Il faut dire que le garde des sceaux était attendu sur la question : des manifestations féministes avaient été organisées un peu partout en France, le 10 juillet, pour contester sa nomination ainsi que celle du nouveau ministre de l’intérieur, Gérald Darmanin, visé par une enquête pour viol. Il était reproché notamment à l’ancien avocat d’avoir défendu « des violeurs et auteurs de féminicides ».

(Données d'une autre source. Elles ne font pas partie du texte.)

(* Let $G$ be a connected threshold graph with minimum degree $\delta(G)\ge 3$. Then $px_3(G)\le 3$. Moreover, the bound is tight: for every integer $r\ge 2\cdot 2^3+1=17$, the threshold graph $rK_1\vee K_3$ satisfies $px_3(rK_1\vee K_3)=3$.
   Context: All graphs are finite, simple and undirected. A graph $G$ is a threshold graph if there are a weight function $w:V(G)\to\mathbb{R}$ and a real $t$ such that distinct $u,v$ are adjacent iff $w(u)+w(v)\ge t$. $rK_1$ is the edgeless graph on $r$ vertices and $G\vee H$ is the join (disjoint union plus all edges between $G$ and $H$). An edge-coloring assigns colors to edges, adjacent edges being allowed to share a color. A tree in an edge-colored graph is proper if no two adjacent edges of it receive the same color. An edge-coloring of $G$ is a $3$-proper coloring if for every $3$-element set $S\subseteq V(G)$ there is a proper tree in $G$ containing all vertices of $S$; $px_3(G)$ is the minimum number of colors in a $3$-proper coloring of $G$. *)

From mathcomp Require Import all_boot.
From Stdlib Require Import Reals.
Set Implicit Arguments. Unset Strict Implicit. Unset Printing Implicit Defensive.

(* A finite simple graph is a symmetric irreflexive relation e on a finType T. *)

Definition threshold_graph (T : finType) (e : rel T) : Prop :=
  exists (w : T -> R) (t : R),
    forall u v : T, u != v -> (e u v <-> (t <= w u + w v)%R).

Definition connected_graph (T : finType) (e : rel T) : Prop :=
  forall x y : T, connect e x y.

Definition min_degree_ge (T : finType) (e : rel T) (d : nat) : Prop :=
  forall v : T, d <= #|[set u | e v u]|.

(* An edge-coloring with k colors assigns a color to every edge; an edge
   {x,y} is represented by the 2-element set [set x; y] (values of the
   coloring on other sets are irrelevant). *)
Definition edge_coloring (T : finType) (k : nat) := {set T} -> 'I_k.

Definition tree_in (T : finType) (e : rel T) (U : {set T}) (F : {set {set T}}) : Prop :=
  [/\ U != set0,
      (forall E, E \in F -> exists x y, [/\ E = [set x; y], e x y, x \in U & y \in U]),
      (forall x y, x \in U -> y \in U ->
         connect (fun a b => [set a; b] \in F) x y)
    & #|F| = #|U| - 1].

Definition proper_tree (T : finType) (e : rel T) (k : nat) (c : edge_coloring T k)
    (U : {set T}) (F : {set {set T}}) : Prop :=
  tree_in e U F /\
  (forall E1 E2, E1 \in F -> E2 \in F -> E1 != E2 -> E1 :&: E2 != set0 ->
     c E1 != c E2).

Definition three_proper_coloring (T : finType) (e : rel T) (k : nat)
    (c : edge_coloring T k) : Prop :=
  forall S : {set T}, #|S| = 3 ->
    exists U F, proper_tree e c U F /\ S \subset U.

Definition px3_le (T : finType) (e : rel T) (k : nat) : Prop :=
  exists c : edge_coloring T k, three_proper_coloring e c.

Definition px3_eq (T : finType) (e : rel T) (k : nat) : Prop :=
  px3_le e k /\ forall j, j < k -> ~ px3_le e j.

Definition rK1_join_K3_rel (r : nat) : rel ('I_r + 'I_3)%type :=
  fun a b => match a, b with
             | inl _, inl _ => false
             | inl _, inr _ => true
             | inr _, inl _ => true
             | inr i, inr j => i != j
             end.
Arguments rK1_join_K3_rel r : clear implicits.

(* In a threshold graph, a vertex m of maximum weight outside a set X is
   adjacent to every vertex v having a neighbour u outside X, since
   t <= w v + w u <= w v + w m.  With minimum degree 3 this gives three
   distinct dominating vertices a, b, c, and any three vertices lie in a
   3-coloured proper tree made of the path a-b-c with each of them hung on
   a different one of a, b, c.

   For rK_1 \/ K_3 and at most 2 colours, an independent vertex has at most
   8 colour profiles on its three edges into K_3, so among r >= 17 of them
   three share a profile.  A proper tree containing these three vertices S
   has maximum degree 2, so by the handshake lemma S has total degree at
   least 4; but two tree edges from S to the same vertex of K_3 would be
   adjacent and equally coloured, so S has total degree at most 3. *)

From mathcomp Require Import all_boot zify.
From Stdlib Require Import Reals Lra.
Set Implicit Arguments. Unset Strict Implicit. Unset Printing Implicit Defensive.

Lemma sum_mem_card (X : finType) (A B : {set X}) :
  \sum_(x in A) (x \in B) = #|A :&: B|.
Proof.
rewrite -sum1_card big_mkcond [RHS]big_mkcond; apply: eq_bigr => x _.
by rewrite inE; case: (x \in A).
Qed.

Section ProperTrees.

Variables (T : finType) (e : rel T) (k : nat) (c : edge_coloring T k).

Definition deg (F : {set {set T}}) (v : T) := #|[set E in F | v \in E]|.

Lemma proper_tree1 a : proper_tree e c [set a] set0.
Proof.
split; last by move=> E1 E2; rewrite inE.
split; first by apply/set0Pn; exists a; rewrite inE.
- by move=> E; rewrite inE.
- by move=> x y /set1P-> /set1P->; apply: connect0.
- by rewrite cards0 cards1.
Qed.

Lemma tree_edge_sub U F E : tree_in e U F -> E \in F -> E \subset U.
Proof.
case=> _ edgeF _ _ /edgeF [x [y [-> _ xU yU]]].
by apply/subsetP => z /set2P[]->.
Qed.

Lemma proper_tree_add_leaf U F u v :
  proper_tree e c U F -> u \in U -> v \notin U -> e v u ->
  (forall E, E \in F -> u \in E -> c E != c [set v; u]) ->
  proper_tree e c (v |: U) ([set v; u] |: F).
Proof.
move=> [treeF properF] uU vU evu colu; have [_ edgeF connF cardF] := treeF.
have vuF : [set v; u] \notin F.
  by apply: contra vU => /(tree_edge_sub treeF)/subsetP; apply; rewrite set21.
have leaf_edge E : E \in F -> E :&: [set v; u] != set0 -> u \in E.
  move=> EF /set0Pn[x /setIP[xE /set2P[xv|<-//]]].
  by move: vU; rewrite -xv (subsetP (tree_edge_sub treeF EF) x xE).
have subF : subrel (fun a b => [set a; b] \in F)
                   (connect (fun a b => [set a; b] \in [set v; u] |: F)).
  by move=> a b ab; apply: connect1; rewrite setU1r.
have conn_uv : connect (fun a b => [set a; b] \in [set v; u] |: F) u v.
  by apply: connect1; rewrite setUC setU11.
have conn_vu : connect (fun a b => [set a; b] \in [set v; u] |: F) v u.
  by apply: connect1; rewrite setU11.
split; first split.
- by apply/set0Pn; exists v; rewrite setU11.
- move=> E /setU1P[->|EF]; first by exists v, u; rewrite setU11 setU1r.
  have [x [y [-> exy xU yU]]] := edgeF E EF.
  by exists x, y; rewrite !setU1r.
- move=> x y /setU1P[->|xU] /setU1P[->|yU]; first exact: connect0.
  + exact: connect_trans conn_vu (connect_sub subF (connF _ _ uU yU)).
  + exact: connect_trans (connect_sub subF (connF _ _ xU uU)) conn_uv.
  + exact: connect_sub subF _ _ (connF _ _ xU yU).
- have : 0 < #|U| by rewrite card_gt0; case: treeF.
  rewrite !cardsU1 vuF (negbTE vU) cardF /=; lia.
- move=> E1 E2 /setU1P[->|E1F] /setU1P[->|E2F]; rewrite ?eqxx //.
  + by rewrite setIC (eq_sym (c _)) => _ meet; exact: colu (leaf_edge E2 E2F meet).
  + by move=> _ meet; exact: colu (leaf_edge E1 E1F meet).
  + exact: properF.
Qed.

Lemma proper_tree_deg_le U F v : proper_tree e c U F -> deg F v <= k.
Proof.
case=> _ properF; rewrite -[k]card_ord; apply: (@leq_card_in _ _ c) => E1 E2.
rewrite !inE => /andP[E1F vE1] /andP[E2F vE2] /eqP; apply: contraTeq => E12.
by apply: properF => //; apply/set0Pn; exists v; rewrite inE vE1.
Qed.

Lemma sum_deg (A : {set T}) F : \sum_(v in A) deg F v = \sum_(E in F) #|A :&: E|.
Proof.
transitivity (\sum_(v in A) \sum_(E in F) (v \in E)); last first.
  by rewrite exchange_big; apply: eq_bigr => E _; rewrite sum_mem_card.
apply: eq_bigr => v _; rewrite /deg setIdE -sum_mem_card; apply: eq_bigr => E _.
by rewrite inE.
Qed.

Lemma proper_tree_grow U F u v (P : Prop) :
  proper_tree e c U F -> u \in U -> (forall w, w != u -> e w u) ->
  (v \notin U -> forall E, E \in F -> u \in E -> c E != c [set v; u]) ->
  (forall U' F', proper_tree e c U' F' -> v \in U' -> U \subset U' ->
     F' \subset [set v; u] |: F -> P) ->
  P.
Proof.
move=> treeF uU u_dom colu cont.
have [vU|vU] := boolP (v \in U); first exact: cont treeF vU (subxx U) (subsetUr _ F).
have vu : v != u by apply: contraNneq vU => ->.
apply: cont (proper_tree_add_leaf treeF uU vU (u_dom v vu) (colu vU)) _ _ _.
- exact: setU11.
- exact: subsetUr.
- exact: subxx.
Qed.

Hypothesis e_irr : irreflexive e.

Lemma tree_deg_sum U F : tree_in e U F -> \sum_(v in U) deg F v = 2 * #|F|.
Proof.
move=> treeF; have [_ edgeF _ _] := treeF.
rewrite sum_deg mulnC -sum_nat_const; apply: eq_bigr => E EF.
have [x [y [defE exy _ _]]] := edgeF E EF.
have xy : x != y by apply: contraTneq exy => ->; rewrite e_irr.
by rewrite (setIidPr (tree_edge_sub treeF EF)) defE cards2 xy.
Qed.

(* The degrees add up to [2 |U| - 2], and the vertices outside [S]
   contribute at most [2 |U :\: S|] of it. *)
Lemma path_tree_deg_sum_ge (U S : {set T}) F :
  tree_in e U F -> {in U, forall v, deg F v <= 2} -> S \subset U ->
  2 * #|S| <= \sum_(v in S) deg F v + 2.
Proof.
move=> treeF deg2 SU; have [U0 _ _ cardF] := treeF.
move: (tree_deg_sum treeF); rewrite (big_setID S) /= (setIidPr SU) cardF.
have : \sum_(v in U :\: S) deg F v <= #|U :\: S| * 2.
  by rewrite -sum_nat_const; apply: leq_sum => v /setDP[vU _]; apply: deg2.
rewrite cardsD (setIidPr SU).
have : #|S| <= #|U| by apply: subset_leq_card.
have : 0 < #|U| by rewrite card_gt0.
lia.
Qed.

End ProperTrees.

Arguments proper_tree_grow {T e k c U F u} v {P}.

Section DominatingTriangle.

Variables (T : finType) (e : rel T) (a b c : T).
Hypotheses (ab : a != b) (bc : b != c) (ac : a != c).
Hypotheses (a_dom : forall v, v != a -> e v a) (b_dom : forall v, v != b -> e v b)
  (c_dom : forall v, v != c -> e v c).

(* Colours of the trees built below: ab and bc get 0 and 1, and a pendant
   edge at a, b or c gets 1, 2 or 0 respectively. *)
Definition triangle_coloring : edge_coloring T 3 := fun E =>
  if c \in E then
    (if (a \in E) || (b \in E) then Ordinal (isT : 1 < 3) else Ordinal (isT : 0 < 3))
  else if a \in E then (if b \in E then Ordinal (isT : 0 < 3) else Ordinal (isT : 1 < 3))
  else if b \in E then Ordinal (isT : 2 < 3) else Ordinal (isT : 0 < 3).

Local Notation col := triangle_coloring.

Lemma triangle_trees x y z :
  exists U F, proper_tree e col U F /\ [/\ x \in U, y \in U & z \in U].
Proof.
have neq := (eq_sym b a, eq_sym c b, eq_sym c a, negbTE ab, negbTE bc, negbTE ac).
apply: (proper_tree_grow b (proper_tree1 e col a) (set11 a) a_dom)
  => [_ E|U1 F1 t1 bU1 sU1]; first by rewrite inE.
rewrite setU0 => sF1; have aU1 : a \in U1 by rewrite (subsetP sU1) ?set11.
apply: (proper_tree_grow c t1 bU1 b_dom) => [_ E|U2 F2 t2 cU2 sU2].
  by move=> /(subsetP sF1)/set1P-> _; rewrite /col !inE !eqxx !neq.
move/subset_trans/(_ (setUS _ sF1)) => {}sF2.
have [aU2 bU2] := (subsetP sU2 a aU1, subsetP sU2 b bU1).
apply: (proper_tree_grow x t2 aU2 a_dom) => [xU2 E|U3 F3 t3 xU3 sU3].
  have [xa xb xc] : [/\ x != a, x != b & x != c] by split; apply: contraNneq xU2 => ->.
  have neqx := (eq_sym a x, eq_sym b x, eq_sym c x, negbTE xa, negbTE xb, negbTE xc).
  move=> /(subsetP sF2); rewrite !inE => /orP[]/eqP->; rewrite !inE ?eqxx !neq //= => _.
  by rewrite /col !inE !eqxx !neq !neqx.
move/subset_trans/(_ (setUS _ sF2)) => {}sF3.
have [[aU3 bU3] cU3] := (subsetP sU3 a aU2, subsetP sU3 b bU2, subsetP sU3 c cU2).
have F3_ac : {in F3, forall E : {set T}, (a \in E) || (c \in E)}.
  by move=> E /(subsetP sF3); rewrite !inE => /or3P[]/eqP->; rewrite !inE eqxx ?orbT.
have F3_ab : {in F3, forall E : {set T}, (a \in E) || (b \in E)}.
  by move=> E /(subsetP sF3); rewrite !inE => /or3P[]/eqP->; rewrite !inE eqxx ?orbT.
apply: (proper_tree_grow y t3 bU3 b_dom) => [yU3 E|U4 F4 t4 yU4 sU4 sF4].
  have [ya yb yc] : [/\ y != a, y != b & y != c] by split; apply: contraNneq yU3 => ->.
  have neqy := (eq_sym a y, eq_sym b y, eq_sym c y, negbTE ya, negbTE yb, negbTE yc).
  have -> : col [set y; b] = Ordinal (isT : 2 < 3) by rewrite /col !inE !eqxx !neq !neqy.
  by move=> /F3_ac; rewrite /col => + ->; rewrite orbT; case: (c \in E); case: (a \in E).
have F4_ab : {in F4, forall E : {set T}, (a \in E) || (b \in E)}.
  by move=> E /(subsetP sF4)/setU1P[->|/F3_ab//]; rewrite !inE eqxx !orbT.
have [[[aU4 bU4] cU4] xU4] :=
  (subsetP sU4 a aU3, subsetP sU4 b bU3, subsetP sU4 c cU3, subsetP sU4 x xU3).
apply: (proper_tree_grow z t4 cU4 c_dom) => [zU4 E|U5 F5 t5 zU5 sU5 _].
  have [za zb zc] : [/\ z != a, z != b & z != c] by split; apply: contraNneq zU4 => ->.
  have neqz := (eq_sym a z, eq_sym b z, eq_sym c z, negbTE za, negbTE zb, negbTE zc).
  have -> : col [set z; c] = Ordinal (isT : 0 < 3) by rewrite /col !inE !eqxx !neq !neqz.
  by move=> /F4_ab abE cE; rewrite /col cE abE.
by exists U5, F5; split=> //; split; rewrite // (subsetP sU5).
Qed.

Lemma dominating_triangle_px3 : px3_le e 3.
Proof.
exists col => S cardS; have : size (enum S) = 3 by rewrite -cardE.
case defS: (enum S) => [|x [|y [|z [|]]]] // _.
have [U [F [treeF [xU yU zU]]]] := triangle_trees x y z.
exists U, F; split=> //; apply/subsetP => s; rewrite -mem_enum defS !inE.
by case/or3P=> /eqP->.
Qed.

End DominatingTriangle.

Lemma seq_argmax (T : eqType) (w : T -> R) x0 s :
  exists2 m, m \in x0 :: s & {in x0 :: s, forall x, (w x <= w m)%R}.
Proof.
elim: s x0 => [|y s IH] x0.
  by exists x0 => [|x /[1!inE] /eqP->]; [rewrite inE | apply: Rle_refl].
have [m ms m_max] := IH y.
have [le_x0m|lt_mx0] := Rle_dec (w x0) (w m).
  exists m => [|x /[1!inE] /predU1P[->//|/m_max//]]; by rewrite inE ms orbT.
exists x0 => [|x /[1!inE] /predU1P[->|/m_max]]; rewrite ?inE ?eqxx //; first exact: Rle_refl.
by move=> le_xm; lra.
Qed.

La philosophe Camille Froidevaux-Metterie explique dans un autre texte, publié jeudi 13 août dans nos colonnes, que ces tribunes sont l’expression du « refus de voir disparaître l’ancien monde ». Du côté de certaines féministes historiques, le regard est plus nuancé. Ainsi, Liliane Kandel, ex-membre du Mouvement de libération des femmes (MLF) et coautrice des « Chroniques du sexisme ordinaire », dans Les Temps modernes, revue créée par Simone de Beauvoir et Jean-Paul Sartre. La sociologue met en garde contre « ces tribunaux populaires immaîtrisables car ils ne sont plus téléguidés du sommet, comme ce fut le cas à Moscou ou Pékin, mais érigés sur les réseaux sociaux ». L’historienne Michelle Perrot alerte, quant à elle, s’agissant du cas Girard, sur ce « système d’amalgame vicieux, qui pourrait conduire à la reconstitution d’une morale bornée ».
« Une rupture d’évidence »
« Ancien monde » contre « police des mœurs » ? La question est évidemment plus complexe. Pour Michelle Perrot, l’émergence du mouvement #metoo a déclenché « une rupture d’évidence », selon la définition de Michel Foucault. Les structures mentales ont changé et ce qui était acceptable hier ne l’est plus aujourd’hui – qu’il s’agisse du sexisme ordinaire ou des violences sexuelles.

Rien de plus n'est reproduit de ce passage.